Rapid progress has been made in understanding the molecular mechanisms by which calcium ions mediate certain cardiac arrhythmias. Principal advances include imaging of cytosolic calcium in isolated cells and in intact tissues, use of fluorescent indicators and monophasic action potentials to record membrane potentials in isolated tissue, and sequencing of the genes that encode critical ion channel proteins. In this review, five types of arrhythmias are discussed where calcium ion currents, or currents controlled by calcium, appear to be responsible for arrythmogenesis. These include: (1) the delayed afterpotential that occurs in conditions of intracellular calcium overload such as digitalis toxicity; (2) the early afterdepolarization that occurs when action potential duration is prolonged; (3) the slowly conducted calcium-dependent action potential (the slow response) in the SA and AV nodes; (4) the phenomenon of calcium transient alternans during ischemia, which is related to action potential duration alternans and t-wave alternans; (5) catecholamine-induced cardiac arrhythmias in families with mutations of the sarcoplasmic reticulum calcium-release channel. For each type of arrhythmia, the clinical implications of emerging knowledge are discussed. An especially important issue is whether ventricular fibrillation during acute coronary artery occlusion is due to calcium transient alternans. Ventricular fibrillation due to acute ischemia is an important subset of the 400,000 sudden cardiac deaths that occur annually in the U.S. Certain drugs, including beta blockers, fish oils, verapamil, and diltiazem, seem to specifically prevent ventricular fibrillation in this setting, and in most cases an effect of the drug on cytosolic calicum appears to be involved.

Spatial heterogeneity of action potential alternans during global ischemia in the rabbit heart.

Cardiac ischemia causes beat-to-beat fluctuation in action potential duration (APD) alternans, which leads to T wave alternans and arrhythmias. Occurrence of APD alternans that is out of phase at two sites is especially important, but most APD alternans studies have involved rapid pacing of normal myocardium rather than ischemia. To determine the spatial features of APD alternans during ischemia, blood-perfused rabbit hearts were stained with 4-[beta-[2(di-n-butylamino)-6-napthyl]vinyl]pyridinium (di-4-ANEPPS) and imaged with a high-resolution camera. Hearts were perfused with oxygenated Tyrode solution at 37 degrees C for staining and then switched to a 50:50% blood/Tyrode mixture.
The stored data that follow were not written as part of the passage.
(* For [A <= 0] the integrand is at least [K e^C] on a half-line. *)
Lemma integral_exp_quadratic_pinfty (K A B C : R) : 0 < K -> A <= 0 ->
  (\int[mu]_x (K * expR (- A * x ^+ 2 + B * x + C))%:E = +oo)%E.
Proof.
move=> K0 A0.
pose H : set R := if 0 <= B then `[0, +oo[%classic else `]-oo, 0]%classic.
have mH : measurable H by rewrite /H; case: ifP => _; exact: measurable_itv.
have muH : mu H = +oo%E.
  by rewrite /H; case: ifP => _; rewrite lebesgue_measure_itv /= ?ltry ?ltNyr.
have f_ge0 x : [set: R] x -> (0 <= (K * expR (- A * x ^+ 2 + B * x + C))%:E)%E.
  by move=> _; rewrite lee_fin mulr_ge0 // ?expR_ge0 // ltW.
apply/eqP; rewrite eq_le leey /=.
apply: le_trans _ (ge0_subset_integral mu mH measurableT
  (measurable_exp_quadratic K A B C) f_ge0 (@subsetT _ H)).
have <- : (\int[mu]_(x in H) (cst (K * expR C)%:E) x = +oo)%E.
  rewrite integral_cst // [X in (_ * X)%E]muH.
  by rewrite gt0_muley // lte_fin mulr_gt0 // expR_gt0.
apply: ge0_le_integral => //.
- by move=> x _; rewrite lee_fin mulr_ge0 // ?expR_ge0 // ltW.
- exact: measurable_funS (measurable_exp_quadratic K A B C).
move=> x Hx; rewrite lee_fin ler_pM2l // ler_expR lerDr.
have hA : 0 <= - A * x ^+ 2 by rewrite mulr_ge0 ?sqr_ge0 // oppr_ge0.
move: Hx; rewrite /H; case: ifP => hB /=; rewrite in_itv /= ?andbT => hx.
- by rewrite addr_ge0 // mulr_ge0.
- have : 0 <= B * x by rewrite nmulr_rge0 // ltNge hB.
  lra.
Qed.

Definition exp_quadform2 (K P Q S u v : R) (xy : R * R) : R :=
  K * expR (- P * xy.1 ^+ 2 - Q * xy.2 ^+ 2 - 2 * S * xy.1 * xy.2
            + u * xy.1 + v * xy.2).

Definition exp_quadform2_integral (K P Q S u v : R) : R :=
  K * pi / Num.sqrt (P * Q - S ^+ 2) *
      expR ((Q * u ^+ 2 - 2 * S * u * v + P * v ^+ 2) / (4 * (P * Q - S ^+ 2))).
(* Let $G$ be a finite group and let $\phi=a_1\chi_1+\cdots+a_q\chi_q$ be a real-valued virtual character of $G$, where $a_i\in\mathbb{R}$ and $\chi_i$ are irreducible complex characters of $G$ with $n_i=\chi_i(1)$. Then for every $g\in G$, $$\mathbb{E}(\xi_{g,\phi})=\sum_{i=1}^q\frac{a_i}{n_i^2}\chi_i(g),$$ and if $\phi$ is real-valued and non-negative, then for every $g\in G$, $$c(g)\le\frac{\mathbb{E}(\xi_{g,\phi})}{\phi(1)}=\frac{(a_1/n_1^2)\chi_1(g)+\cdots+(a_q/n_q^2)\chi_q(g)}{a_1n_1+\cdots+a_qn_q}.$$
   Context: $G$ is a finite group of order $m$; $G\times G$ carries the uniform probability measure and $\mathbb{E}$ is expectation with respect to it. $c(g)=|\{(x,y)\in G\times G:[x,y]=g\}|/|G|^2$. For $g\in G$, $\xi_{g,\phi}(a,b)=\mathrm{Re}\big(\phi([a,b]^{-1}g)\big)$ for $(a,b)\in G\times G$. A virtual character $\phi=\sum_{\chi\in\mathrm{Irr}(G)}a_\chi\chi$ is non-negative if (a) $\mathrm{Re}(\phi(h))\ge0$ for all $h\in G$, and (b) all $a_\chi$ are non-negative reals, not all zero. *)

From HB Require Import structures.
From mathcomp Require Import all_boot all_order all_algebra all_fingroup all_solvable all_field all_character.
Set Implicit Arguments. Unset Strict Implicit. Unset Printing Implicit Defensive.
Import Order.TTheory GRing.Theory Num.Theory.
Local Open Scope ring_scope.

Definition vchar (gT : finGroupType) (G : {group gT}) (a : Iirr G -> algC)
  : 'CF(G) := \sum_i a i *: 'chi_i.

(* Expectation w.r.t. the uniform probability measure on G x G. *)
Definition Exp (gT : finGroupType) (G : {group gT}) (f : gT * gT -> algC) : algC :=
  (\sum_(p in setX G G) f p) / (#|G| ^ 2)%:R.

Definition xi (gT : finGroupType) (G : {group gT}) (phi : 'CF(G)) (g : gT)
  (p : gT * gT) : algC := 'Re (phi ([~ p.1, p.2]^-1 * g)%g).

Definition cfreq (gT : finGroupType) (G : {group gT}) (g : gT) : algC :=
  #|[set p in setX G G | ([~ p.1, p.2] == g)%g]|%:R / (#|G| ^ 2)%:R.

Definition nonneg_vchar (gT : finGroupType) (G : {group gT}) (a : Iirr G -> algC) : Prop :=
  (forall h, h \in G -> 0 <= 'Re (vchar a h)) /\
  (forall i, 0 <= a i) /\ (exists i, a i != 0).

From HB Require Import structures.
From mathcomp Require Import all_boot all_order all_algebra all_fingroup all_solvable all_field all_character.
From mathcomp Require Import ring.
Import Order.TTheory GRing.Theory Num.Theory.
Local Open Scope ring_scope.

(* For an irreducible character chi of degree n, the function
   b |-> \sum_(y in G) chi (a ^ y * b) is a class function whose only
   irreducible constituent is chi, so it equals (|G| chi(a) / n) chi.
   Since [x, y]^-1 g = (x^-1)^y (x g), summing first over y and then over x
   (generalized orthogonality) gives
   \sum_(x, y) chi ([x, y]^-1 g) = |G|^2 chi(g) / n^2, and the mean of
   xi_{g,phi} follows by linearity. The bound on c(g) holds termwise:
   xi_{g,phi}(x, y) = phi(1) when [x, y] = g, and is nonnegative otherwise. *)

Lemma sum_setX {T1 T2 : finType} (A1 : {set T1}) (A2 : {set T2})
    {R : nmodType} (F : T1 -> T2 -> R) :
  \sum_(p in setX A1 A2) F p.1 p.2 = \sum_(x in A1) \sum_(y in A2) F x y.
Proof.
rewrite (eq_bigl (fun p => (p.1 \in A1) && (p.2 \in A2))) => [|[x y]].
  by rewrite pair_big.
by rewrite in_setX.
Qed.

Section ConjugateAverage.
Context {gT : finGroupType} {G : {group gT}}.

Definition conj_mul_sum (phi : 'CF(G)) (a b : gT) : algC :=
  if b \in G then \sum_(y in G) phi (a ^ y * b)%g else 0.

Lemma conj_mul_sum_class phi a :
  is_class_fun <<G>>%g [ffun b => conj_mul_sum phi a b].
Proof.
rewrite genGid; apply: intro_class_fun => [b z Gb Gz | b /negPf nGb].
  rewrite /conj_mul_sum groupJ // Gb (reindex_inj (mulIg z)) /=.
  apply: eq_big => [y | y Gy]; first by rewrite groupMr.
  by rewrite conjgM -conjMg cfunJ.
by rewrite /conj_mul_sum nGb.
Qed.

Definition cfConjMul phi a : 'CF(G) := Cfun 0 (conj_mul_sum_class phi a).

Lemma cfConjMulE phi a b : b \in G ->
  cfConjMul phi a b = \sum_(y in G) phi (a ^ y * b)%g.
Proof. by move=> Gb; rewrite cfunE /conj_mul_sum Gb. Qed.

Lemma cfunC (phi : 'CF(G)) x y : y \in G -> phi (x * y)%g = phi (y * x)%g.
Proof. by move=> Gy; rewrite -(cfunJ _ _ (groupVr Gy)) conjgE invgK !mulgA mulgK. Qed.

Lemma sum_irr_mul_inv (i j : Iirr G) g :
  \sum_(x in G) 'chi_i (x * g)%g * 'chi_j x^-1%g =
    (i == j)%:R * (#|G|%:R * ('chi_i g / 'chi_i 1%g)).
Proof.
by rewrite -[LHS](mulVKf (neq0CG G)) generalized_orthogonality_relation mulrCA.
Qed.

Lemma cfdot_cfConjMul_irr (i j : Iirr G) a : a \in G ->
  '[cfConjMul 'chi_i a, 'chi_j] = (i == j)%:R * (#|G|%:R * ('chi_i a / 'chi_i 1%g)).
Proof.
move=> Ga; rewrite cfdotE.
under eq_bigr => b Gb do rewrite cfConjMulE // -irr_inv mulr_suml.
rewrite exchange_big /=.
under eq_bigr => y Gy.
  under eq_bigr => b Gb do rewrite cfunC //.
  rewrite sum_irr_mul_inv cfunJ //.
  over.
by rewrite sumr_const -[X in _ * X]mulr_natl mulKf ?neq0CG.
Qed.

Lemma cfConjMul_irr (i : Iirr G) a : a \in G ->
  cfConjMul 'chi_i a = (#|G|%:R * ('chi_i a / 'chi_i 1%g)) *: 'chi_i.
Proof.
move=> Ga; rewrite [LHS]cfun_sum_cfdot (bigD1 i) //= big1 ?addr0 => [|j nji].
  by rewrite cfdot_cfConjMul_irr // eqxx mul1r.
by rewrite cfdot_cfConjMul_irr // eq_sym (negPf nji) mul0r scale0r.
Qed.

Lemma sum_irr_conj_mul (i : Iirr G) a b : a \in G -> b \in G ->
  \sum_(y in G) 'chi_i (a ^ y * b)%g = #|G|%:R * 'chi_i a * 'chi_i b / 'chi_i 1%g.
Proof.
by move=> Ga Gb; rewrite -cfConjMulE // cfConjMul_irr // cfunE; ring.
Qed.

Lemma commgV_mul (x y g : gT) : ([~ x, y]^-1 * g = x^-1 ^ y * (x * g))%g.
Proof. by rewrite /commg /conjg !invMg !invgK !mulgA. Qed.

Lemma sum_irr_commgV_mul (i : Iirr G) g : g \in G ->
  \sum_(x in G) \sum_(y in G) 'chi_i ([~ x, y]^-1 * g)%g =
    #|G|%:R ^+ 2 * 'chi_i g / 'chi_i 1%g ^+ 2.
Proof.
move=> Gg; transitivity
    (#|G|%:R / 'chi_i 1%g * \sum_(x in G) 'chi_i (x * g)%g * 'chi_i x^-1%g).
  rewrite mulr_sumr; apply: eq_bigr => x Gx.
  under eq_bigr => y _ do rewrite commgV_mul.
  by rewrite sum_irr_conj_mul ?groupV ?groupM //; ring.
by rewrite sum_irr_mul_inv eqxx mul1r; field; apply: irr1_neq0.
Qed.

End ConjugateAverage.

Section CommutatorStatistics.
Context {gT : finGroupType} {G : {group gT}}.

Lemma vcharE (a : Iirr G -> algC) h : vchar a h = \sum_i a i * 'chi_i h.
Proof. by rewrite sum_cfunE; apply: eq_bigr => i _; rewrite cfunE. Qed.

Lemma Exp_xi_real (phi : 'CF(G)) g :
    {in G, forall h, phi h \is Num.real} -> g \in G ->
  Exp G (xi phi g) =
    (\sum_(x in G) \sum_(y in G) phi ([~ x, y]^-1 * g)%g) / (#|G| ^ 2)%:R.
Proof.
move=> Rphi Gg; rewrite /Exp /xi.
rewrite (sum_setX _ _ (fun x y => 'Re (phi ([~ x, y]^-1 * g)%g))) /=.
congr (_ / _); apply: eq_bigr => x Gx; apply: eq_bigr => y Gy.
by apply/Creal_ReP/Rphi; rewrite groupM ?groupV ?groupR.
Qed.

Lemma Exp_xi_vchar (a : Iirr G -> algC) g :
    {in G, forall h, vchar a h \is Num.real} -> g \in G ->
  Exp G (xi (vchar a) g) = \sum_i a i / 'chi_i 1%g ^+ 2 * 'chi_i g.
Proof.
move=> Rphi Gg; rewrite Exp_xi_real //.
under eq_bigr => x _ do under eq_bigr => y _ do rewrite vcharE.
under eq_bigr => x _ do rewrite exchange_big /=.
rewrite exchange_big /= mulr_suml; apply: eq_bigr => i _.
under eq_bigr => x _ do rewrite -mulr_sumr.
rewrite -mulr_sumr sum_irr_commgV_mul // natrX.
by field; rewrite irr1_neq0 neq0CG.
Qed.

Lemma cfreq_mul_le_Exp_xi (phi : 'CF(G)) g :
    {in G, forall h, 0 <= 'Re (phi h)} -> phi 1%g \is Num.real -> g \in G ->
  cfreq G g * phi 1%g <= Exp G (xi phi g).
Proof.
move=> phi_ge0 Rphi1 Gg; rewrite /cfreq /Exp mulrAC ler_wpM2r ?invr_ge0 ?ler0n //.
rewrite mulr_natl -sumr_const (eq_bigl _ _ (fun p => in_set _ p)) big_mkcondr /=.
apply: ler_sum => -[x y] /setXP[Gx Gy] /=; rewrite /xi /=.
case: eqP => [<- | _]; first by rewrite mulVg (elimT (Creal_ReP _) Rphi1).
by rewrite phi_ge0 // groupM ?groupV ?groupR.
Qed.

Lemma nonneg_vchar1_gt0 (a : Iirr G -> algC) : nonneg_vchar a -> 0 < vchar a 1%g.
Proof.
case=> _ [a_ge0 [j nz_aj]]; rewrite vcharE (bigD1 j) //= ltr_pwDl //.
  by rewrite mulr_gt0 ?irr1_gt0 // lt_def nz_aj a_ge0.
by rewrite sumr_ge0 // => i _; rewrite mulr_ge0 ?a_ge0 ?ltW ?irr1_gt0.
Qed.

End CommutatorStatistics.

Theorem corollary1 (gT : finGroupType) (G : {group gT}) (a : Iirr G -> algC) :
  (forall i, a i \is Num.real) ->
  (forall h, h \in G -> vchar a h \is Num.real) ->
  (forall g, g \in G ->
     Exp G (xi (vchar a) g) = \sum_i a i / ('chi_i 1%g) ^+ 2 * 'chi_i g) /\
  (nonneg_vchar a -> forall g, g \in G ->
     cfreq G g <= Exp G (xi (vchar a) g) / vchar a 1%g /\
     Exp G (xi (vchar a) g) / vchar a 1%g =
       (\sum_i a i / ('chi_i 1%g) ^+ 2 * 'chi_i g) / (\sum_i a i * 'chi_i 1%g)).
Proof.
move=> _ Rphi; split=> [g | a_nonneg g Gg]; first exact: Exp_xi_vchar.
have phi1_gt0 := nonneg_vchar1_gt0 _ a_nonneg.
split; last by rewrite Exp_xi_vchar // vcharE.
rewrite ler_pdivlMr // cfreq_mul_le_Exp_xi ?gtr0_real //.
by case: a_nonneg.
Qed.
Hearts were paced from the right ventricle at 3/s, and made ischemic by stopping flow for 6 min. Images of 10,000 pixels were obtained at 300 frames/s. Motion artifact was controlled by immobilization and by manual selection of undistorted single-pixel records. Upstroke propagation and conduction isochrones were displayed by computerized image processing. APD alternans was demonstrated in six of seven hearts, and was out of phase in different regions of the image in three hearts. The largest spatial variation in the onset of depolarization to 50% repolarization (APD50) was 155%. This caused beat-to-beat reversal of repolarization. An alternans map could be constructed for well-immobilized portions of the image. There were discrete regions of APD alternans separated by a boundary, as occurs with intracellular Ca2+ concentration alternans. Pixels as close together as 1.1 mm showed an APD alternans that was out of phase. The out-of-phase APD alternans was not due to conduction alternans, as shown by upstroke intervals and conduction isochrones. This contrasts with rapid pacing, where a causal relationship appears to exist. These new observations suggest distinct mechanisms for the genesis of arrhythmias during ischemia.